Albert Einstein was born on March 14, 1879, in Ulm, Germany, to Hermann and Pauline Einstein.

26 years later, three days after his birthday, he sent off the paper on the photo-electric effect; that paper would win him the Nobel Prize in Physics in 1921.

In that same year of 1905, he published three other papers, solving the mystery of Brownian motion, describing what became known as the Special Theory of Relativity and solving the mystery of why measurements of the light did not show any effects of motion as Maxwell had predicted, and a final paper that noted a particle emitting light energy loses mass. This final paper amused Einstein because it seemed so ludicrous in its logical extension that energy and matter are really the same stuff at some fundamental point, as expressed in the equation demonstrating an enormous amount of energy stored in atoms, E=mc².

Albert Einstein as a younger man - Nobel Foundation image

Albert Einstein as a younger man – Nobel Foundation image

Any one of the papers would have been a career-capper for any physicist.
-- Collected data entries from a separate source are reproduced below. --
(* The edge-coloring of a complete $k$-edge-colored permutation graph is a Gallai coloring with $k$ colors, i.e., it contains no rainbow triangle.
   Context: A complete $k$-edge-colored graph $G=(V,E_1,\dots,E_k)$ is the complete graph on a finite set $V$ with edges partitioned into $k$ nonempty color classes $E_i$; $G_{|i}=(V,E_i)$. A labeling is a bijection $\ell:V\to\{1,\dots,|V|\}$. A graph $(V,E)$ with labeling $\ell$ is a simple permutation graph of a permutation $\pi$ if for all $u,v$ with $\ell(u)>\ell(v)$: $\{u,v\}\in E$ iff $\pi^{-1}(\ell(u))<\pi^{-1}(\ell(v))$. $G$ is a complete $k$-edge-colored permutation graph if there exist a labeling $\ell$ and permutations $\pi_1,\dots,\pi_k$ with $(G_{|i},\ell)$ a simple permutation graph of $\pi_i$ for all $i$. A rainbow triangle is a set of three vertices whose three edges have pairwise distinct colors; a Gallai coloring of a complete graph with $k$ colors is an edge-coloring with $k$ colors containing no rainbow triangle. *)

From mathcomp Require Import all_boot all_order all_fingroup.
Set Implicit Arguments. Unset Strict Implicit. Unset Printing Implicit Defensive.

(* A complete k-edge-colored graph on a finite vertex type V: a coloring
   c of the unordered pairs {u,v} (u <> v) by colors in 'I_k; c is required
   to be symmetric on distinct vertices (its value on the diagonal is
   irrelevant) and every color class E_i must be nonempty. *)
Definition complete_k_edge_colored (V : finType) (k : nat) (c : V -> V -> 'I_k) : Prop :=
  (forall u v : V, u != v -> c u v = c v u) /\
  (forall i : 'I_k, exists u v : V, u != v /\ c u v = i).

Definition color_class (V : finType) (k : nat) (c : V -> V -> 'I_k) (i : 'I_k) (u v : V) : bool :=
  (u != v) && (c u v == i).

(* Labels and permutations are 0-based: 'I_#|V| = {0,..,|V|-1} instead of
   {1,..,|V|}; this order-preserving shift does not affect the definition. *)
Definition simple_perm_graph (V : finType) (E : V -> V -> bool)
    (l : V -> 'I_#|V|) (pi : {perm 'I_#|V|}) : Prop :=
  forall u v : V, l v < l u -> (E u v <-> (pi^-1)%g (l u) < (pi^-1)%g (l v)).

Definition complete_k_edge_colored_perm_graph (V : finType) (k : nat)
    (c : V -> V -> 'I_k) : Prop :=
  complete_k_edge_colored c /\
  exists (l : V -> 'I_#|V|) (pis : 'I_k -> {perm 'I_#|V|}),
    bijective l /\ forall i : 'I_k, simple_perm_graph (color_class c i) l (pis i).

Definition rainbow_triangle (V : finType) (k : nat) (c : V -> V -> 'I_k) (x y z : V) : Prop :=
  [/\ x != y, y != z, x != z &
      [/\ c x y != c y z, c x y != c x z & c y z != c x z]].

Definition gallai_coloring (V : finType) (k : nat) (c : V -> V -> 'I_k) : Prop :=
  forall x y z : V, ~ rainbow_triangle c x y z.

From mathcomp Require Import all_boot all_order all_fingroup.

Set Implicit Arguments.
Unset Strict Implicit.
Unset Printing Implicit Defensive.

(* In a simple permutation graph of pi, a pair of labels a < b is an edge iff
   pi^-1 inverts it; non-inversions are transitive, so if a < b < c and
   neither {a, b} nor {b, c} is an edge, then {a, c} is no edge either.
   Given a triangle p, q, r with increasing labels, apply this to the color
   class of the long edge {p, r}: that color must reappear on {p, q} or
   {q, r}, so the triangle is not rainbow. Every triangle can be listed with
   increasing labels since the labeling is injective. *)

Lemma exists_sorted_triple (T : Type) (f : T -> nat) (P : T -> T -> T -> Prop) :
    (forall x y z, P x y z -> P y x z) -> (forall x y z, P x y z -> P x z y) ->
  forall x y z, P x y z -> f x != f y -> f y != f z -> f x != f z ->
  exists p q r, [/\ P p q r, f p < f q & f q < f r].
Proof.
move=> P_swap12 P_swap23 x y z Pxyz.
case: (ltngtP (f x) (f y)) => // fxy _; case: (ltngtP (f y) (f z)) => // fyz _.
- by exists x, y, z.
- case: (ltngtP (f x) (f z)) => // fxz _.
  + by exists x, z, y; split; first exact: P_swap23.
  + by exists z, x, y; split; first exact/P_swap12/P_swap23.
- case: (ltngtP (f x) (f z)) => // fxz _.
  + by exists y, x, z; split; first exact: P_swap12.
  + by exists y, z, x; split; first exact/P_swap23/P_swap12.
- by exists z, y, x; split; first exact/P_swap12/P_swap23/P_swap12.
Qed.

Lemma simple_perm_graph_nonedge_trans (V : finType) (E : V -> V -> bool)
    (l : V -> 'I_#|V|) (pi : {perm 'I_#|V|}) (p q r : V) :
    simple_perm_graph E l pi -> l p < l q -> l q < l r ->
  ~~ E q p -> ~~ E r q -> ~~ E r p.
Proof.
move=> Epi lpq lqr /negP Eqp /negP Erq; apply/negP => /(Epi _ _ (ltn_trans lpq lqr)).
have sigma_pq : (pi^-1)%g (l p) <= (pi^-1)%g (l q).
  by rewrite leqNgt; apply/negP => /(Epi _ _ lpq).
have sigma_qr : (pi^-1)%g (l q) <= (pi^-1)%g (l r).
  by rewrite leqNgt; apply/negP => /(Epi _ _ lqr).
by apply/negP; rewrite -leqNgt (leq_trans sigma_pq sigma_qr).
Qed.

Section PermutationColoring.

Variables (V : finType) (k : nat) (c : V -> V -> 'I_k).
Hypothesis c_sym : forall u v : V, u != v -> c u v = c v u.

Lemma rainbow_triangle_swap12 (x y z : V) :
  rainbow_triangle c x y z -> rainbow_triangle c y x z.
Proof.
case=> xy yz xz [cxy_yz cxy_xz cyz_xz].
rewrite /rainbow_triangle -(c_sym xy).
by split; [..|split]; rewrite // eq_sym.
Qed.

Lemma rainbow_triangle_swap23 (x y z : V) :
  rainbow_triangle c x y z -> rainbow_triangle c x z y.
Proof.
case=> xy yz xz [cxy_yz cxy_xz cyz_xz].
rewrite /rainbow_triangle -(c_sym yz).
by split; [..|split]; rewrite // eq_sym.
Qed.

Variables (l : V -> 'I_#|V|) (pis : 'I_k -> {perm 'I_#|V|}).
Hypothesis c_perm : forall i, simple_perm_graph (color_class c i) l (pis i).

Lemma long_edge_color_repeats (p q r : V) :
  l p < l q -> l q < l r -> (c p r == c p q) || (c p r == c q r).
Proof.
move=> lpq lqr.
have colored u v : l u < l v -> color_class c (c p r) v u = (c u v == c p r).
  move=> luv; have vu : v != u by apply: contraTneq luv => ->; rewrite ltnn.
  by rewrite /color_class vu c_sym.
have : color_class c (c p r) r p by rewrite colored ?(ltn_trans lpq lqr).
apply: contraLR; rewrite negb_or => /andP[cpr_pq cpr_qr].
by apply: (simple_perm_graph_nonedge_trans (c_perm (c p r)) lpq lqr);
  rewrite colored // eq_sym.
Qed.

End PermutationColoring.

Theorem corollary6p1 (V : finType) (k : nat) (c : V -> V -> 'I_k) :
  complete_k_edge_colored_perm_graph c -> gallai_coloring c.
Proof.
case=> [[c_sym _] [l [pis [/bij_inj l_inj c_perm]]]] x y z rainbow_xyz.
have label_neq u v : u != v -> (l u : nat) != l v.
  by apply: contra => /eqP/val_inj/l_inj->.
have [xy yz xz _] := rainbow_xyz.
have [p [q [r [[_ _ _ [_ cpq_pr cqr_pr]] lpq lqr]]]] :=
  exists_sorted_triple (f := fun u => l u : nat) (rainbow_triangle_swap12 c_sym)
    (rainbow_triangle_swap23 c_sym) rainbow_xyz
    (label_neq _ _ xy) (label_neq _ _ yz) (label_neq _ _ xz).
have := long_edge_color_repeats c_sym c_perm lpq lqr.
by rewrite ![c p r == _]eq_sym (negbTE cpq_pr) (negbTE cqr_pr).
Qed.
(* Let $\mathcal{O}=(S,S_+,R,E,f,N)$ be an observation table, and let $(\overline{b_\omega})_{\omega\in S\cup S_+\cup R}$ and $(\overline{q_\omega})_{\omega\in S\cup S_+\cup R}$ be an assignment of the ending reset variables and location variables satisfying $C_1\wedge C_2\wedge C_3\wedge C_4$. Let $\mathcal{H}$ be the hypothesis automaton constructed from $\mathcal{O}$ and this assignment. Then: (i) $\mathcal{H}$ is a deterministic one-clock timed automaton; (ii) for every $\omega\in S\cup S_+\cup R$, $\mathcal{H}$ accepts $\omega$ if and only if $\textsf{MQ}(\omega)=+$; (iii) for any $\omega_1,\omega_2\in S\cup S_+\cup R$, if $f(\omega_1,\omega_2,i_1,i_2)=\bot$ where $i_1,i_2$ are the last resets of $\omega_1,\omega_2$ determined by the assignment $\overline{b}$ (i.e. $lr(\omega_1,i_1)$ and $lr(\omega_2,i_2)$ hold), then $\overline{q_{\omega_1}}\neq\overline{q_{\omega_2}}$ and $\omega_1,\omega_2$ reach distinct locations in $\mathcal{H}$.
   Context: Setting: a finite alphabet $\Sigma$, a single clock, and a target timed language $L$ with membership function $\textsf{MQ}(\omega)=+$ if $\omega\in L$, $-$ otherwise. A one-clock timed automaton (OTA) is $(\Sigma,Q,q_0,F,c,\Delta)$ with transitions $(q,\sigma,\phi,b,q')\in Q\times\Sigma\times\Phi_c\times\{\top,\bot\}\times Q$, guards $\phi$ being intervals with endpoints in $\mathbb{N}\cup\{\infty\}$; a timed word $(\sigma_1,t_1)\cdots(\sigma_n,t_n)$ ($t_i\ge0$ delays) runs from clock value $0$ at $q_0$, taking at step $i$ a transition from the current location with action $\sigma_i$ whose guard contains (current clock value $+t_i$), after which the clock becomes $0$ if the transition's reset flag $b=\top$ and (current clock $+t_i$) otherwise; it is accepted if the run ends in $F$. Deterministic means guards of transitions with the same source and action are disjoint. Regions relative to a fixed $\kappa\in\mathbb{N}$: $[n,n]$ for $n\le\kappa$, $(n,n+1)$ for $n<\kappa$, $(\kappa,\infty)$; $\llbracket v\rrbracket$ is the region containing $v$. For a timed word $\omega$ of length $n$ and $0\le i\le n$, $\nu_c(\omega,i)=\sum_{j=i+1}^n t_j$. Test $T(\omega_1,\omega_2,i_1,i_2,e)$: if $e$ empty, $T=\top$ iff $\textsf{MQ}(\omega_1)=\textsf{MQ}(\omega_2)$; otherwise, with $e=(\sigma_1,t_1)\cdots(\sigma_m,t_m)$, $\nu_1=\nu_c(\omega_1,i_1)$, $\nu_2=\nu_c(\omega_2,i_2)$, form $e_1,e_2$ by adding $|\nu_1-\nu_2|$ to the first delay of $e$ for the word with the smaller $\nu$ (and $e_1=e_2=e$ if equal), and $T=\top$ iff $\textsf{MQ}(\omega_1e_1)=\textsf{MQ}(\omega_2e_2)$. If $m$ is the length of the longest common prefix of $\omega_1,\omega_2$, the valid last-reset combinations are $\mathcal{C}(\omega_1,\omega_2)=\{(i_1,i_2):0\le i_1\le|\omega_1|,0\le i_2\le|\omega_2|,(i_1\le m\wedge i_2\le m)\Rightarrow i_1=i_2\}$. An observation table $\mathcal{O}=(S,S_+,R,E,f,N)$: $S,S_+,R$ disjoint finite sets of timed words with $S\cup S_+\cup R$ prefix-closed, $\epsilon\in S$, and $\omega\cdot(\sigma,0)\in S\cup S_+\cup R$ for all $\omega\in S\cup S_+$, $\sigma\in\Sigma$; $E$ a finite set of timed words with $\epsilon\in E$; $N\in\mathbb{N}$; and $f(\omega_1,\omega_2,i_1,i_2)=\top$ iff $T(\omega_1,\omega_2,i_1,i_2,e)=\top$ for all $e\in E$ (for $\omega_1,\omega_2\in S\cup S_+\cup R$, $(i_1,i_2)\in\mathcal{C}(\omega_1,\omega_2)$), else $\bot$. Variables: for each $\omega\in S\cup S_+\cup R$ a Boolean ending reset variable $b_\omega$ (whether the clock resets after the last action of $\omega$; $b_\epsilon=\top$) and an integer location variable $q_\omega$. With $\omega|_i$ the length-$i$ prefix, $lr(\omega,i)=b_{\omega|_i}\wedge\bigwedge_{i<j\le|\omega|}\neg b_{\omega|_j}$ and $LR(\omega_1,\omega_2,i,j)=lr(\omega_1,i)\wedge lr(\omega_2,j)$. Constraints: $C_1$ is the conjunction over all $\omega_1,\omega_2$, $(i,j)\in\mathcal{C}(\omega_1,\omega_2)$ with $f(\omega_1,\omega_2,i,j)=\bot$ of $LR(\omega_1,\omega_2,i,j)\Rightarrow q_{\omega_1}\neq q_{\omega_2}$. $C_2$ is the conjunction, over all $\omega_1,\omega_2$ with $\omega_1'=\omega_1(\sigma,t_1)$, $\omega_2'=\omega_2(\sigma,t_2)$ in $S\cup S_+\cup R$ and $(i,j)\in\mathcal{C}(\omega_1,\omega_2)$ with $f(\omega_1,\omega_2,i,j)=\top$ and $\llbracket\nu_c(\omega_1,i)+t_1\rrbracket=\llbracket\nu_c(\omega_2,j)+t_2\rrbracket$, of $(q_{\omega_1}=q_{\omega_2}\wedge LR(\omega_1,\omega_2,i,j))\Rightarrow(b_{\omega_1'}=b_{\omega_2'}\wedge q_{\omega_1'}=q_{\omega_2'})$. $C_3=\bigwedge_{1\le k\le N}\bigvee_{\omega\in S\cup S_+}q_\omega=k\ \wedge\ \bigwedge_{\omega\in S\cup S_+\cup R}1\le q_\omega\le N$. $C_4=\bigwedge_{1\le k\le|S|}q_{\omega_k}=k$ for a fixed enumeration $\omega_1,\dots,\omega_{|S|}$ of $S$. Hypothesis construction from an assignment $\overline{b},\overline{q}$: $Q_{\mathcal{H}}=\{\overline{q_\omega}:\omega\in S\cup S_+\}$, initial location $\overline{q_\epsilon}$, accepting $F_{\mathcal{H}}=\{\overline{q_\omega}:\omega\in S\cup S_+,\textsf{MQ}(\omega)=+\}$. For each pair $\omega_1,\omega_2=\omega_1(\sigma,t)$ in $S\cup S_+\cup R$ form the auxiliary transition $(\overline{q_{\omega_1}},\sigma,\psi,\overline{b_{\omega_2}},\overline{q_{\omega_2}})$ where $\psi=\nu(\omega_1)+t$ and $\nu(\omega_1)$ is the clock value after $\omega_1$ computed using the resets $\overline{b}$ of its prefixes. For each $q,\sigma$, sort the list of values $\psi$ of auxiliary transitions from $q$ with action $\sigma$ as $\mu_0<\dots<\mu_n$ and apply the partition function $P$; for each auxiliary transition with value $\mu_i$ add $(q,\sigma,g_i,b,q')$ to $\Delta_{\mathcal{H}}$. The partition function: with $\mu_0=0$ and $\mu_{n+1}=\infty$, $g_i=[\mu_i,\mu_{i+1})$ if $\mu_i,\mu_{i+1}\in\mathbb{N}$; $(\lfloor\mu_i\rfloor,\mu_{i+1})$ if $\mu_i\notin\mathbb{N},\mu_{i+1}\in\mathbb{N}$; $[\mu_i,\lfloor\mu_{i+1}\rfloor]$ if $\mu_i\in\mathbb{N},\mu_{i+1}\notin\mathbb{N}$; $(\lfloor\mu_i\rfloor,\lfloor\mu_{i+1}\rfloor]$ if both $\notin\mathbb{N}$ (with $\infty$ treated as an integer). *)

From mathcomp Require Import all_boot all_order all_algebra.
Set Implicit Arguments. Unset Strict Implicit. Unset Printing Implicit Defensive.
Import Order.TTheory GRing.Theory Num.Theory.
Local Open Scope ring_scope.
Einstein dashed them all off in just a few months, forever changing the fields of physics. And, you noticed: Einstein did not win a Nobel for the Special Theory of Relativity, nor for E=mc². He won it for the photo-electric effect. Irony in history. Nobel committee members didn’t understand Einstein’s other work much better than the rest of us today.

117 years later, Einstein’s work affects us every day. Relativity theory at some level I don’t fully understand makes possible the use Global Positioning Systems (GPS), which revolutionized navigation and mundane things like land surveying and microwave dish placement.

Development of nuclear power both gives us hope for an energy-rich future, and gives us fear of nuclear war. Sometimes, even the hope of the energy rich future gives us fear, as we watch and hope nuclear engineers can control the piles in nuclear power plants damaged by earthquakes and tsunami in Japan.

English: Albert Einstein on a 1966 US stamp

Albert Einstein on a 1966 US stamp (Photo credit: Wikipedia)

If Albert Einstein was a genius at physics, he was more dedicated to pacifism. He resigned his German citizenship to avoid military conscription. His pacifism made the German Nazis nervous; Einstein fled Germany in the 1930s, eventually settling in the United States. In the U.S., he was persuaded by Leo Szilard to write to President Franklin Roosevelt to suggest the U.S. start a program to develop an atomic weapon, because Germany most certainly was doing exactly that. But while urging FDR to keep up with the Germans, Einstein refused to participate in the program himself, sticking to his pacifist views. Others could, and would, design and build atomic bombs. (Maybe it’s a virus among nuclear physicists — several of those working on the Manhattan Project were pacifists, and had great difficulty reconciling the idea that the weapon they worked on to beat Germany, was deployed on Japan, which did not have a nuclear weapons program.)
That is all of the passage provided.